- Date: December 28, 2012
- Season: 2012
- Stadium: Reliant Stadium
- Location: Houston, Texas
- Favorite: Texas Tech by 13½
- Referee: Tom McCabe (MAC)
- Attendance: 50,386

United States TV coverage
- Network: ESPN
- Announcers: Mark Jones, Brock Huard

= 2012 Meineke Car Care Bowl of Texas =

The 2012 Meineke Car Care Bowl of Texas, the seventh edition of the game, was a post-season American college football bowl game held on December 28, 2012 at Reliant Stadium in Houston, Texas as part of the 2012-13 NCAA football bowl season. The game, which was the final game of the 2012 NCAA Division I FBS football season for both teams, was broadcast at 8 p.m. CT on ESPN, and featured the Minnesota Golden Gophers from the Big Ten Conference against the Texas Tech Red Raiders from the Big 12 Conference.

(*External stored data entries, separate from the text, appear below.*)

(* Let $(W,S)$ be a Coxeter system with $S$ finite, and let $\mathcal{R}_W\subseteq S$ be a complete set of representatives of the $W$-conjugacy classes of elements of $Q_W$, with $c(W)$ the number of these classes. Then the abelianization $\operatorname{Ad}(Q_W)_{\mathrm{Ab}}$ is the free abelian group with basis $\{[e_s]\mid s\in\mathcal{R}_W\}$. In particular $\operatorname{Ad}(Q_W)_{\mathrm{Ab}}\cong\mathbb{Z}^{c(W)}$.
   Context: A Coxeter system $(W,S)$: $S$ finite, $m:S\times S\to\mathbb{N}\cup\{\infty\}$ with $m(s,s)=1$, $2\le m(s,t)=m(t,s)\le\infty$ for $s\ne t$, $W=\langle s\in S\mid (st)^{m(s,t)}=1\ (m(s,t)<\infty)\rangle$. The Coxeter quandle is $Q_W=\bigcup_{w\in W}w^{-1}Sw$ with $x\ast y=yxy$, and $\operatorname{Ad}(Q_W)=\langle e_x\ (x\in Q_W)\mid e_y^{-1}e_xe_y=e_{x\ast y}\rangle$. For a group $G$, $G_{\mathrm{Ab}}=G/[G,G]$ and $[g]$ denotes the image of $g$ in $G_{\mathrm{Ab}}$. *)

(* Group presentations are encoded by words in the free
   group together with the word-problem congruence. *)
From mathcomp Require Import all_boot all_order all_algebra.
Set Implicit Arguments. Unset Strict Implicit. Unset Printing Implicit Defensive.

(* a letter (x, b): x if b = false, x^-1 if b = true *)
Definition letter (X : Type) := (X * bool)%type.
Definition word (X : Type) := seq (letter X).
Definition inv_letter (X : Type) (a : letter X) : letter X := (a.1, ~~ a.2).
Definition inv_word (X : Type) (w : word X) : word X := rev (map (@inv_letter X) w).

(** * The group <X | Rel> : u and v represent the same element iff
    pres_eq Rel u v (the congruence generated by free reduction and the
    relators, i.e. u v^-1 lies in the normal closure of Rel). *)
Inductive pres_eq (X : Type) (Rel : word X -> Prop) : word X -> word X -> Prop :=
| pe_refl w : pres_eq Rel w w
| pe_sym u v : pres_eq Rel u v -> pres_eq Rel v u
| pe_trans u v w : pres_eq Rel u v -> pres_eq Rel v w -> pres_eq Rel u w
| pe_free u v (a : letter X) : pres_eq Rel (u ++ a :: inv_letter a :: v) (u ++ v)
| pe_rel u v r : Rel r -> pres_eq Rel (u ++ r ++ v) (u ++ v).
Arguments pres_eq {X} Rel _ _.

(** * Coxeter matrices: m s t = 0 encodes m(s,t) = infinity *)
Definition coxeter_matrix (S : finType) (m : S -> S -> nat) : Prop :=
  (forall s, m s s = 1%N) /\ (forall s t, m s t = m t s) /\
  (forall s t, s != t -> m s t != 1%N).
Arguments coxeter_matrix {S} m.

Definition coxeter_rel (S : finType) (m : S -> S -> nat) (r : word S) : Prop :=
  exists s t, m s t <> 0%N /\ r = flatten (nseq (m s t) [:: (s, false); (t, false)]).
Arguments coxeter_rel {S} m r.

Definition W_eq (S : finType) (m : S -> S -> nat) := pres_eq (coxeter_rel m).
Arguments W_eq {S} m.

Definition W_conj (S : finType) (m : S -> S -> nat) (x y : word S) : Prop :=
  exists w : word S, W_eq m y (inv_word w ++ x ++ w).
Arguments W_conj {S} m x y.

Definition inQ (S : finType) (m : S -> S -> nat) (u : word S) : Prop :=
  exists (w : word S) (s : S), W_eq m u (inv_word w ++ [:: (s, false)] ++ w).
Arguments inQ {S} m u.

(* the elements of Q_W (via representatives; representatives of the same
   element of W are identified in Ad(Q_W) by the relators below) *)
Definition QW (S : finType) (m : S -> S -> nat) := {u : word S | inQ m u}.
Arguments QW {S} m.

(* relators of Ad(Q_W) = < e_x (x in Q_W) | e_y^-1 e_x e_y = e_{x*y} >,
   with x * y = y x y; plus e_x = e_x' when x, x' represent the same element *)
Definition ad_rel (S : finType) (m : S -> S -> nat) (r : word (QW m)) : Prop :=
  (exists x x' : QW m, W_eq m (proj1_sig x) (proj1_sig x') /\ r = [:: (x, false); (x', true)])
  \/
  (exists x y z : QW m, W_eq m (proj1_sig z) (proj1_sig y ++ proj1_sig x ++ proj1_sig y) /\
       r = [:: (y, true); (x, false); (y, false); (z, true)]).
Arguments ad_rel {S} m r.

Definition adab_rel (S : finType) (m : S -> S -> nat) (r : word (QW m)) : Prop :=
  ad_rel m r \/
  exists a b : word (QW m), r = inv_word a ++ inv_word b ++ a ++ b.
Arguments adab_rel {S} m r.

Definition adab_eq (S : finType) (m : S -> S -> nat) := pres_eq (adab_rel m).
Arguments adab_eq {S} m.

Lemma inQ_gen (S : finType) (m : S -> S -> nat) (s : S) : inQ m [:: (s, false)].
Proof. by exists [::], s; apply: pe_refl. Qed.
Arguments inQ_gen {S} m s.

Definition gen_of (S : finType) (m : S -> S -> nat) (s : S) : QW m :=
  exist _ [:: (s, false)] (inQ_gen m s).
Arguments gen_of {S} m s.

Definition complete_reps (S : finType) (m : S -> S -> nat) (R : {set S}) : Prop :=
  (forall x : word S, inQ m x -> exists2 s, s \in R & W_conj m x [:: (s, false)]) /\
  (forall s t, s \in R -> t \in R -> W_conj m [:: (s, false)] [:: (t, false)] -> s = t).
Arguments complete_reps {S} m R.

(* the word  prod_{s in R} e_s^{f s}  (integer combination of the [e_s]) *)
Definition comb (S : finType) (m : S -> S -> nat) (R : {set S}) (f : S -> int)
  : word (QW m) :=
  flatten [seq nseq `|f s|%N (gen_of m s, (f s < 0)%R) | s <- enum R].

Arguments comb {S} m R f.

(* Every element x of Q_W is W-conjugate to some s in R.  Conjugating x by a
   generator t is mirrored in Ad(Q_W) by conjugating e_x by e_t, which becomes
   trivial after abelianization, so [e_x] = [e_s] and the [e_s] with s in R
   span.  For independence, count the letters e_x^{+-1} of a word according to
   the W-conjugacy class of x: every relator has zero count in each class (the
   element yxy is conjugate to x because y is an involution), and the word
   prod_s e_s^{f s} has count f s in the class of s. *)
From mathcomp Require Import all_boot all_order all_algebra zify.
From Stdlib Require Import ClassicalEpsilon.
Set Implicit Arguments. Unset Strict Implicit. Unset Printing Implicit Defensive.
Import GRing.Theory.
Local Open Scope ring_scope.

Section Words.
Variable X : Type.

Lemma inv_letterK : involutive (@inv_letter X).
Proof. by case=> x b; rewrite /inv_letter /= negbK. Qed.

Lemma inv_word_cat (u v : word X) : inv_word (u ++ v) = inv_word v ++ inv_word u.
Proof. by rewrite /inv_word map_cat rev_cat. Qed.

The Golden Gophers accepted their invitation after finishing the regular season at six-wins, six-losses, while the Red Raiders accepted their invitation following a campaign during which they totaled seven-wins, five-losses. This was not the first time the Golden Gophers and Red Raiders met in a bowl game; the two teams had previously met in the 2006 Insight Bowl, with the Red Raiders winning 44–41 in overtime.

==Teams==

===Minnesota===

The Golden Gophers finished at the bottom of the Big Ten's Legends Division, only posting a 2–6 mark in conference play. However, because of their 6–6 record, the Golden Gophers were bowl eligible for the first time since 2009, accepting a bid to the Meineke Car Care Bowl of Texas their bid to the game, their first Meineke Car Care Bowl appearance.

===Texas Tech===

The Red Raiders finished in a tie for fifth place in the Big 12 at 4–5 in conference play, holding tiebreakers ahead of the TCU Horned Frogs and West Virginia Mountaineers but behind the Baylor Bears. Soon after Minnesota accepted their invitation, the Red Raiders did the same. Although this was also the Red Raiders' first appearance in the Meineke Car Care Bowl of Texas, the Red Raiders played in three previous bowl games in Houston: the 1976 Bluebonnet Bowl, the 2000 Galleryfurniture.com Bowl, and the 2003 Houston Bowl.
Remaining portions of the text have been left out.